Marathon Flow Directed Micro Catheter

K-Number: K202318 · 2020-09-14

ApplicantMicro Therapeutics, Inc. d/b/a ev3 Neurovascular
Decision Date2020-09-14
Product CodeKRA
Advisory CommitteeCV
DecisionSubstantially Equivalent

Device Summary

Marathon Flow Directed Micro Catheter is a medical device manufactured by Micro Therapeutics, Inc. d/b/a ev3 Neurovascular. It received FDA 510(k) clearance on 2020-09-14 under approval number K202318. The device is classified under product code KRA. It was reviewed by the CV advisory panel.
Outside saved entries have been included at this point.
Lemma card_link_tuples r m n (H : {set {set 'I_m + 'I_n}}) (v : 'I_m) :
  semibipartite r.+1 H ->
  #|[set w : r.-tuple 'I_n | uniq w && (star_edge v w \in H)]| = r`! * deg H (inl v).
Proof.
move=> sb; rewrite -sum1dep_card (partition_big (fun w : r.-tuple _ => star_edge v w)
  (fun e => (e \in H) && (inl v \in e))) /= => [|w /andP[_ ->]]; last by rewrite !inE eqxx.
rewrite /deg mulnC -sum1dep_card big_distrl /=; apply: eq_bigr => e /andP[eH ve].
have [eE ce] := semibipartite_edgeE sb eH ve.
rewrite mul1n sum1dep_card.
transitivity #|[set w : r.-tuple 'I_n | all (mem (inr @^-1: e)) w & uniq w]|.
  apply: eq_card => w; rewrite !inE.
  apply/andP/andP => [[/andP[uw _] /eqP <-] | [aw uw]].
    by split=> //; apply/allP => x xw; rewrite !inE mem_imset ?inE //; move=> ? ? [].
  have we : [set x in w] = inr @^-1: e.
    apply/setP/subset_cardP; first by rewrite cardsE (card_uniqP uw) size_tuple ce.
    by apply/subsetP => x; rewrite inE => /(allP aw).
  have -> : star_edge v w = e by rewrite [RHS]eE /star_edge set_enum we.
  by rewrite uw eH eqxx.
by rewrite card_uniq_tuples ce ffactnn.
Qed.

Definition common_link d m n (H : {set {set 'I_m + 'I_n}}) (V : {set 'I_m}) (U : {set 'I_n})
    (w : d.-tuple 'I_n) : bool :=
  [&& uniq w, all [predC U] w & [forall v in V, star_edge v w \in H]].

Section LinkCounting.
Local Open Scope ring_scope.
Variables (R : realFieldType) (d m n : nat) (H : {set {set 'I_m + 'I_n}}) (alpha : R).
Hypothesis sbH : semibipartite d.+1 H.

Lemma card_nonlink_tuples (v : 'I_m) :
  (1 - alpha) * ('C(n, d))%:R <= (deg H (inl v))%:R ->
  #|[set w : d.-tuple 'I_n | uniq w && (star_edge v w \notin H)]|%:R <= alpha * (n ^_ d)%:R.
Proof.
move=> degv; set NL := [set w | _].
have split_uniq : (#|[set w : d.-tuple 'I_n | uniq w]| =
    #|[set w : d.-tuple 'I_n | uniq w && (star_edge v w \in H)]| + #|NL|)%N.
  rewrite -!sum1dep_card (bigID (fun w : d.-tuple 'I_n => star_edge v w \in H)) /=.
  by congr (_ + _)%N; apply: eq_bigl => w; rewrite andbC.
have := card_uniq_tuples d (predT : pred 'I_n); rewrite card_ord.
rewrite (eq_card (B := [set w : d.-tuple 'I_n | uniq w])) => [|w]; last by rewrite !inE all_predT.
rewrite split_uniq card_link_tuples // => e.
have -> : #|NL|%:R = (n ^_ d)%:R - (d`! * deg H (inl v))%:R :> R.
  by rewrite -e natrD addrAC subrr add0r.
rewrite -bin_ffact !natrM.
have := ler_wpM2l (ler0n R d`!) degv.
have -> : d`!%:R * ((1 - alpha) * 'C(n, d)%:R) =
  'C(n, d)%:R * d`!%:R - alpha * ('C(n, d)%:R * d`!%:R) :> R by ring.
lra.
Qed.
FDA Decision: Substantially Equivalent.

Frequently Asked Questions

What is the Marathon Flow Directed Micro Catheter?

Marathon Flow Directed Micro Catheter is a medical device that received FDA 510(k) clearance on 2020-09-14. It is manufactured by Micro Therapeutics, Inc. d/b/a ev3 Neurovascular. The 510(k) number is K202318.
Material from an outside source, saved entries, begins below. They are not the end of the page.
Definition is_linW (F : finFieldType) (n : nat) (W : 'M[F]_n)
  (T : {ffun subW W -> 'rV[F]_n}) : bool :=
  [forall a : F, forall x : subW W, forall y : subW W, forall z : subW W,
     (val z == a *: val x + val y) ==> (T z == a *: T x + T y)].

Definition LWV (F : finFieldType) (n : nat) (W : 'M[F]_n)
  : {set {ffun subW W -> 'rV[F]_n}} := [set T | is_linW T].

Definition Tinvariant (F : finFieldType) (n : nat) (W : 'M[F]_n)
  (T : {ffun subW W -> 'rV[F]_n}) (X : 'M[F]_n) : bool :=
  (X <= W)%MS && [forall x : subW W, (val x <= X)%MS ==> (T x <= X)%MS].

(* I(T) = U : U is the largest T-invariant subspace contained in W *)
Definition is_max_inv (F : finFieldType) (n : nat) (W : 'M[F]_n)
  (T : {ffun subW W -> 'rV[F]_n}) (U : 'M[F]_n) : bool :=
  Tinvariant T U && [forall X : 'M[F]_n, Tinvariant T X ==> (X <= U)%MS].

From HB Require Import structures.
From mathcomp Require Import all_boot all_algebra all_field perm.
Set Implicit Arguments. Unset Strict Implicit. Unset Printing Implicit Defensive.
Import GRing.Theory.
Local Open Scope ring_scope.

(* Fix a basis B of W and describe T by the matrix M whose rows are the images
   of the basis vectors; a subspace of W with coordinate rows Y is T-invariant
   iff Y M <= Y B.  The number of M with I(T) = U is computed by induction on
   k = dim W.  If U = W these are the M with rows in W: q^(k^2) of them.
   Otherwise choose the basis e, w_2, ..., w_k so that U lies in
   W' = <w_2, ..., w_k>.  Then I(T) = U forces I(T|W') = U, and given T|W'
   exactly q^k of the q^n choices of v = T e are bad (give I(T) <> U).

   This last count is by induction on n.  A bad v lies in W + T(W'), so it is
   w + T w' for pairs (w', w) in W' x W; count the pairs giving a bad v in two
   ways.  Each such v comes from q^h pairs, h = dim {w' in W' | T w' in W}.
   For fixed w', the bad w are the bad extensions of a problem of the same
   shape inside the k-dimensional space W, hence q^(h+1) of them.  Thus
   q^h #bad = q^(k-1) q^(h+1). *)

Section Counting.
Variables T1 T2 : finType.

Lemma card_set_bij (f : T1 -> T2) (g : T2 -> T1) (P : pred T2) :
  cancel f g -> cancel g f -> #|[set x | P (f x)]| = #|[set y | P y]|.
Proof.
move=> fK gK; rewrite -(card_imset _ (can_inj fK)) (can2_imset_pre _ fK gK).
by apply: eq_card => y; rewrite !inE gK.
Qed.

Lemma card_pairs (P : pred (T1 * T2)) :
  #|[set p | P p]| = (\sum_(a : T1) #|[set b | P (a, b)]|)%N.
Proof.
rewrite (eq_bigr (fun a => \sum_(b | P (a, b)) 1)%N) => [|a _]; last first.
  by rewrite -sum1_card; apply: eq_bigl => b; rewrite inE.
by rewrite pair_big_dep -sum1_card; apply: eq_bigl => -[a b]; rewrite inE.
Qed.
When was Marathon Flow Directed Micro Catheter approved by the FDA?

Marathon Flow Directed Micro Catheter received FDA 510(k) clearance on 2020-09-14, under approval number K202318.

What company makes Marathon Flow Directed Micro Catheter?

Marathon Flow Directed Micro Catheter is manufactured by Micro Therapeutics, Inc. d/b/a ev3 Neurovascular.

What is the FDA product code for Marathon Flow Directed Micro Catheter?

The FDA product code for Marathon Flow Directed Micro Catheter is KRA.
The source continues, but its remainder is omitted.